Task: Beginning with the line that holds "sesq (S n) N" in the data below, give again every line through the one that holds "intros H. unfold sesq at", exactly as written.

Saved entries:
Lemma sesq_vcons n N x w : hermitian (S n) N ->
  sesq (S n) N (vcons x w) (vcons x w) =
  Cadd (Cadd (Cmul (Cconj x) (Cmul (N 0%nat 0%nat) x))
             (Cadd (Cmul (Cconj x) (row0 n N w)) (Cmul (Cconj (row0 n N w)) x)))
       (sesq n (minor0 N) w w).
Proof.
  intros H. unfold sesq at 1. rewrite sumC_first. cbn [vcons].
  rewrite (sumC_first n (fun j' => Cmul (Cconj x) (Cmul (N 0%nat j') (vcons x w j')))). cbn [vcons].
  rewrite (sumC_ext n (fun i => sumC (S n) (fun j' => Cmul (Cconj (w i)) (Cmul (N (S i) j') (vcons x w j'))))
     (fun i => Cadd (Cmul (Cconj (w i)) (Cmul (N (S i) 0%nat) x))
                    (sumC n (fun j => Cmul (Cconj (w i)) (Cmul (N (S i) (S j)) (w j)))))).
  2:{ intros; rewrite sumC_first; auto. }
  rewrite sumC_add.
  assert (E1 : sumC n (fun i => Cmul (Cconj (w i)) (Cmul (N (S i) 0%nat) x)) = Cmul (Cconj (row0 n N w)) x).
  { unfold row0. rewrite sumC_conj, <- sumC_scal_r. apply sumC_ext; intros.
    rewrite (H 0%nat (S i)) by lia. rewrite Cconj_mul; ring. }
  assert (E2 : sumC n (fun i => Cmul (Cconj x) (Cmul (N 0%nat (S i)) (w i))) = Cmul (Cconj x) (row0 n N w)).
  { unfold row0. rewrite <- sumC_scal_l. auto. }
  rewrite E1, E2. unfold sesq, minor0. ring.
Qed.

Lemma sesq_schur n N a w : hermitian (S n) N ->
  sesq n (schur_compl N a) w w = Csub (sesq n (minor0 N) w w)
     (Cmul (Cmul (Cconj (row0 n N w)) (row0 n N w)) (RtoC (/ a))).
Proof.
  intros H. unfold sesq, schur_compl, minor0.
  rewrite (sumC_ext n _ (fun i => Csub (sumC n (fun j => Cmul (Cconj (w i)) (Cmul (N (S i) (S j)) (w j))))
      (sumC n (fun j => Cmul (Cmul (Cmul (Cconj (w i)) (N (S i) 0%nat)) (RtoC (/a))) (Cmul (N 0%nat (S j)) (w j)))))).
  2:{ intros; rewrite <- sumC_sub; apply sumC_ext; intros; ring. }
  rewrite sumC_sub. f_equal.
  rewrite (sumC_ext n _ (fun i => Cmul (Cmul (Cmul (Cconj (w i)) (N (S i) 0%nat)) (RtoC (/a))) (row0 n N w))).
  2:{ intros; unfold row0; rewrite sumC_scal_l; auto. }
  rewrite !sumC_scal_r.
  assert (E : sumC n (fun i => Cmul (Cconj (w i)) (N (S i) 0%nat)) = Cconj (row0 n N w)).
  { unfold row0. rewrite sumC_conj. apply sumC_ext; intros. rewrite (H 0%nat (S i)) by lia.
    rewrite Cconj_mul; ring. }
  rewrite E; ring.
Qed.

Output below:
  sesq (S n) N (vcons x w) (vcons x w) =
  Cadd (Cadd (Cmul (Cconj x) (Cmul (N 0%nat 0%nat) x))
             (Cadd (Cmul (Cconj x) (row0 n N w)) (Cmul (Cconj (row0 n N w)) x)))
       (sesq n (minor0 N) w w).
Proof.
  intros H. unfold sesq at 1. rewrite sumC_first. cbn [vcons].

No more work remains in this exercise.